Recent studies have highlighted the role of metabolic alteration in tumor development [1, 2]. Branched chain amino acids (BCAAs), consisting of leucine, isoleucine and valine, are essential amino acids that can only be acquired from diet rather than de novo synthesized in human body. Following the cellular uptake from circulation, the catabolic pathway is central to BCAA metabolism. Generally speaking, the imported BCAAs are catalyzed into α-keto acids by branched chain amino acid transaminase 1/2 (BCAT 1/2) in a reversible manner and the resulting α-ketoglutarate and glutamate could provide nitrogen for nucleotide biosynthesis and fuel the DNA replication process . Then, the α-keto acids are further decarboxylated and combined with a CoA group under the enzymatic action of branched-chain ketoacid dehydrogenase (BCKDH) complex. Finally, after a series of irreversible enzymatic actions, the succinyl-CoA and acetyl-CoA are generated to take part in the tricarboxylic acid (TCA) cycle and serve as a carbon source [3, 4]. Free, untransformed intracellular BCAAs are potent stimulators of mTORC1 signaling pathway activation, which leads to enhanced protein synthesis [5, 6]. All these characteristics of BCAA metabolism make it a potential candidate for tumor intervention.

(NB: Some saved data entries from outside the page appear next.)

Lemma orthogonal_invariant_scalar (R : realFieldType) n (N : 'M[R]_n) : (0 < n)%N ->
  (forall g : 'M[R]_n, g^T *m g = 1%:M -> g *m N *m g^T = N) ->
  N = (\tr N / n%:R) *: 1%:M.
Proof.
move=> n_gt0 N_inv.
have offdiag0 (a b : 'I_n) : a != b -> N a b = 0.
  move=> a_neq_b; pose s : 'rV[R]_n := \row_j (if j == a then -1 else 1).
  have s_orth : (diag_mx s)^T *m diag_mx s = 1%:M.
    rewrite tr_diag_mx mulmx_diag; apply/matrixP => i j; rewrite !mxE.
    by case: (i == a); case: (i == j); rewrite ?mulrNN ?mul1r ?mulr1n ?mulr0n.
  have := congr1 (fun M : 'M[R]_n => M a b) (N_inv _ s_orth).
  rewrite tr_diag_mx mul_diag_mx mul_mx_diag !mxE eqxx eq_sym (negPf a_neq_b).
  by rewrite mulr1 mulN1r => ?; lra.
have diag_const (a b : 'I_n) : N a a = N b b.
  have t_orth : (perm_mx (tperm a b))^T *m perm_mx (tperm a b) = 1%:M :> 'M[R]_n.
    by rewrite tr_perm_mx -perm_mxM mulVg perm_mx1.
  have := congr1 (fun M : 'M[R]_n => M a a) (N_inv _ t_orth).
  by rewrite -row_permE tr_perm_mx -col_permE !mxE tpermL => <-.
pose i0 := Ordinal n_gt0.
have -> : \tr N = n%:R * N i0 i0.
  rewrite /mxtrace (eq_bigr (fun=> N i0 i0)) => [|i _]; last exact: diag_const.
  by rewrite sumr_const card_ord mulr_natl.
rewrite mulrAC divff ?mul1r ?pnatr_eq0 -?lt0n //.
apply/matrixP => i j; rewrite !mxE; case: eqP => [<-|/eqP i_neq_j].
  by rewrite mulr1 (diag_const i i0).
by rewrite mulr0 offdiag0.
Qed.
(* Let ancillae $A_1,\dots,A_n$ consecutively measure a $d$-dimensional prepared quantum system $Q$, and let the ancilla $A_i$ be measured (amplified) by a detector $D_i$. Then for every $i$, $S(A_i)=S(D_i)$.
   Context: $Q$ is $d$-dimensional, initially in $|Q\rangle=\sum_{x_1}\alpha^{(1)}_{x_1}|\widetilde{x}_1\rangle$; ancilla $A_i$ measures in the orthonormal basis $\{|\widetilde{x}_i\rangle\}$ with $U^{(i)}_{x_{i-1}x_i}=\langle\widetilde{x}_i|\widetilde{x}_{i-1}\rangle$ unitary, via the unitary $\sum_x|\widetilde{x}_i\rangle\langle\widetilde{x}_i|\otimes U_x$, $U_x|0\rangle=|x\rangle$ on $Q$ and the $d$-dimensional ancilla (initially $|0\rangle$), consecutively, yielding $\sum_{x_1,\dots,x_n}\alpha^{(1)}_{x_1}U^{(2)}_{x_1x_2}\cdots U^{(n)}_{x_{n-1}x_n}|\widetilde{x}_n\rangle_Q|x_1\rangle_{A_1}\cdots|x_n\rangle_{A_n}$. Amplification by $D_i$ (initially $|0\rangle$) is the unitary $|x\rangle_{A_i}|0\rangle_{D_i}\mapsto|x\rangle_{A_i}|x\rangle_{D_i}$. $S$ denotes von Neumann entropy (log base $d$) of reduced states. *)

From mathcomp Require Import all_boot all_algebra.
From mathcomp Require Import complex.
From mathcomp Require Import reals exp.
Set Implicit Arguments. Unset Strict Implicit. Unset Printing Implicit Defensive.
Import GRing.Theory Num.Theory.
Local Open Scope ring_scope.

Section QDefs.
Variable R : realType.
Notation C := R[i].

(* Spectrum (eigenvalues with multiplicity) of a square complex matrix:
   a sequence s with char_poly A = \prod_(z <- s) ('X - z). *)
Definition spectrum (m : nat) (A : 'M[C]_m) : seq C :=
  projT1 (closed_field_poly_normal (char_poly A)).

(* von Neumann entropy with logarithm in base d:
   S(rho) = - \sum_lambda lambda log_d lambda  (with 0 log 0 = 0, since ln 0 = 0). *)
Definition vN_entropy (d m : nat) (rho : 'M[C]_m) : R :=
  - \sum_(z <- spectrum rho) (complex.Re z * (ln (complex.Re z) / ln (d%:R))).

(* Reduced density matrix of a d-level subsystem of a pure state psi on a finite
   configuration space T (computational basis).  The subsystem's value in a
   configuration is [get c], and [set c y] replaces it by y (leaving every other
   subsystem untouched).  rho x y = sum over other subsystems of psi(..x..) psi(..y..)^* *)
Definition reduced (T : finType) (d : nat) (get : T -> 'I_d) (set : T -> 'I_d -> T)
  (psi : T -> C) : 'M[C]_d :=
  \matrix_(x < d, y < d) \sum_(c : T | get c == x) psi c * (psi (set c y))^*.

(* Configuration space of Q (d levels), ancillae A_1..A_n and detectors D_1..D_n,
   each d-dimensional; ancilla/detector index i : 'I_n stands for i+1. *)
Definition config (d n : nat) : finType :=
  ('I_d * {ffun 'I_n -> 'I_d} * {ffun 'I_n -> 'I_d})%type.

Definition upd (d n : nat) (f : {ffun 'I_n -> 'I_d}) (i : 'I_n) (y : 'I_d) :
  {ffun 'I_n -> 'I_d} := [ffun j => if j == i then y else f j].

Definition getAnc (d n : nat) (i : 'I_n) (c : config d n) : 'I_d := c.1.2 i.
Definition setAnc (d n : nat) (i : 'I_n) (c : config d n) (y : 'I_d) : config d n :=
  (c.1.1, upd c.1.2 i y, c.2).
Definition getDet (d n : nat) (i : 'I_n) (c : config d n) : 'I_d := c.2 i.
Definition setDet (d n : nat) (i : 'I_n) (c : config d n) (y : 'I_d) : config d n :=
  (c.1.1, c.1.2, upd c.2 i y).

Definition prevI (n : nat) (j : 'I_n) : 'I_n :=
  Ordinal (leq_ltn_trans (leq_pred j) (ltn_ord j)).

(* first (index 0, i.e. A_1) and last (index n-1, i.e. A_n) ancilla, built from
   any witness w : 'I_n (their values do not depend on w). *)
Definition firstI (n : nat) (w : 'I_n) : 'I_n :=
  Ordinal (leq_ltn_trans (leq0n w) (ltn_ord w)).
Definition lastI (n : nat) (w : 'I_n) : 'I_n :=
  Ordinal (eq_ind_r is_true (leq_ltn_trans (leq0n w) (ltn_ord w)) (ltn_predL n)).

(* The bases: B i is the matrix whose column x is the vector |x~_(i+1)>
   in computational coordinates of Q.  Orthonormality of the basis. *)
Definition orthonormal_basis (d : nat) (B : 'M[C]_d) : Prop :=
  forall x y : 'I_d, \sum_(k < d) (B k x)^* * B k y = (x == y)%:R.

(* U^(i)_{x_(i-1) x_i} = <x~_i | x~_(i-1)>  (here for 0-based j, with j-1 = prevI j) *)
Definition Umat (d n : nat) (B : 'I_n -> 'M[C]_d) (j : 'I_n) (x y : 'I_d) : C :=
  \sum_(k < d) (B j k y)^* * B (prevI j) k x.

(* State after the n consecutive measurements:
   sum_{x_1..x_n} alpha_{x_1} U^(2)_{x1x2} ... U^(n)_{x_(n-1)x_n}
       |x~_n>_Q |x_1>_{A_1} ... |x_n>_{A_n}, with all detectors still in |0>;
   here as a function of (q, a) where q is Q's computational index. *)
Definition measured_state (d n : nat) (B : 'I_n -> 'M[C]_d) (alpha : 'I_d -> C)
  (w : 'I_n) (q : 'I_d) (a : {ffun 'I_n -> 'I_d}) : C :=
  alpha (a (firstI w)) *
  (\prod_(j : 'I_n | (0 < j)%N) Umat B j (a (prevI j)) (a j)) *
  B (lastI w) q (a (lastI w)).

(* Amplification of every A_i by D_i (detectors initially |0>):
   |x>_{A_i}|0>_{D_i} |-> |x>_{A_i}|x>_{D_i}.  Applied to a state phi(q,a) with all
   detectors in |0>, the result has amplitude phi(q,a) on (q,a,a) and 0 elsewhere. *)
Definition amplify (d n : nat) (phi : 'I_d -> {ffun 'I_n -> 'I_d} -> C)
  (c : config d n) : C :=
  if c.2 == c.1.2 then phi c.1.1 c.1.2 else 0.

End QDefs.

From mathcomp Require Import all_boot all_algebra.
From mathcomp Require Import complex.
From mathcomp Require Import reals exp.
Import GRing.Theory Num.Theory.
Local Open Scope ring_scope.

(* Amplification copies the ancillae into the detectors, so only configurations
   whose detector record equals the ancilla record carry amplitude.  On them,
   changing the value of A_i or of D_i to y gives a configuration with nonzero
   amplitude exactly when y is already the value of A_i, and then it is the
   same configuration.  Hence A_i and D_i have the same reduced density matrix
   for every measured state. *)

Lemma reduced_amplify_anc_det (R : realType) (d n : nat)
    (phi : 'I_d -> {ffun 'I_n -> 'I_d} -> R[i]) (i : 'I_n) :
  reduced (getAnc i) (setAnc i) (amplify phi) =
  reduced (getDet i) (setDet i) (amplify phi).
Proof.
apply/matrixP=> x y; rewrite !mxE [LHS]big_mkcond [RHS]big_mkcond /=.
apply: eq_bigr => -[[q a] b] _.
rewrite /amplify /getAnc /getDet /setAnc /setDet /=.
have [->|_] := eqVneq b a; last by rewrite !mul0r !if_same.
by rewrite (eq_sym a); case: (upd a i y =P a) => [->|].
Qed.

Theorem lemma2 (R : realType) (d n : nat) (hd : (1 < d)%N)
  (B : 'I_n -> 'M[R[i]]_d) (alpha : 'I_d -> R[i])
  (hB : forall j : 'I_n, orthonormal_basis (B j))
  (halpha : \sum_(x < d) alpha x * (alpha x)^* = 1)
  (i : 'I_n) :
  let Psi := amplify (measured_state B alpha i) in
  vN_entropy d (reduced (getAnc i) (setAnc i) Psi) =
  vN_entropy d (reduced (getDet i) (setDet i) Psi).
Proof. by rewrite /= reduced_amplify_anc_det. Qed.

Indeed, BCAA metabolism was found to be critically involved in the progression of multiple cancer types [7–9], especially for the pancreatic ductal adenocarcinoma (PDAC) with controversial results being reported [10, 11]. Some research has shown that BCAA uptake is down-regulated in PDAC tissue , while other research has demonstrated an elevated BCAA uptake along with enhanced expression of corresponding solute carrier (SLC) transporters (SLC7A5, SLC1A5, SLC3A2, SLC43A1, SLC43A2) . In Lee’s study, BCAT2 was found elevated in mouse PDAC model and human patients. Pancreatic tissue specific knockout of BCAT2 impeded progression of pancreatic intraepithelial neoplasia (PanIN) in LSL-KrasG12D/+ mice . However, Mayers and colleagues found decreased SLC7A5, BCAT1, BCAT2 and BCKDH expression in PDAC tissue, and loss of BCAT2 does not affect PDAC tumor formation . Similarly, PDAC and non–small cell lung carcinoma (NSCLC) obtain BCAAs as a nitrogen source, whereas deletion of BCAT1 and BCAT2 could prevent NSCLC tumor formation in vivo but has limited effect on PDAC tumor growth [10, 14]. Nonetheless, the increased plasma BCAA level associates with worse prognosis of pancreatic cancer, and BCAT2 expression in PDAC tissue was independently correlated to high mortality rate . Lines of evidence consistently indicated an elevated level of BCAA in the plasma of PDAC patients, which may result from accelerated muscle wasting in individuals suffering from cachexia . Despite the fact that the mechanisms underlying how PDAC cells utilize the BCAAs remain enigmatic, lipid biosynthesis that is pivotal for unlimited proliferation and invasive metastasis of cancer cells is gaining much attention [12, 15]. Adipocyte and lipid metabolism are also responsible for the drug resistance in cancer . BCAA degrading enzymes promote lipogenesis pathway but do not affect glucose metabolism and mitochondrial respiration . In addition, BCKDHA knockdown significantly inhibited fatty acid synthesis while having no effect on levels of tricarboxylic acid cycle (TCA) intermediates or the oxygen consumption rate (OCR) .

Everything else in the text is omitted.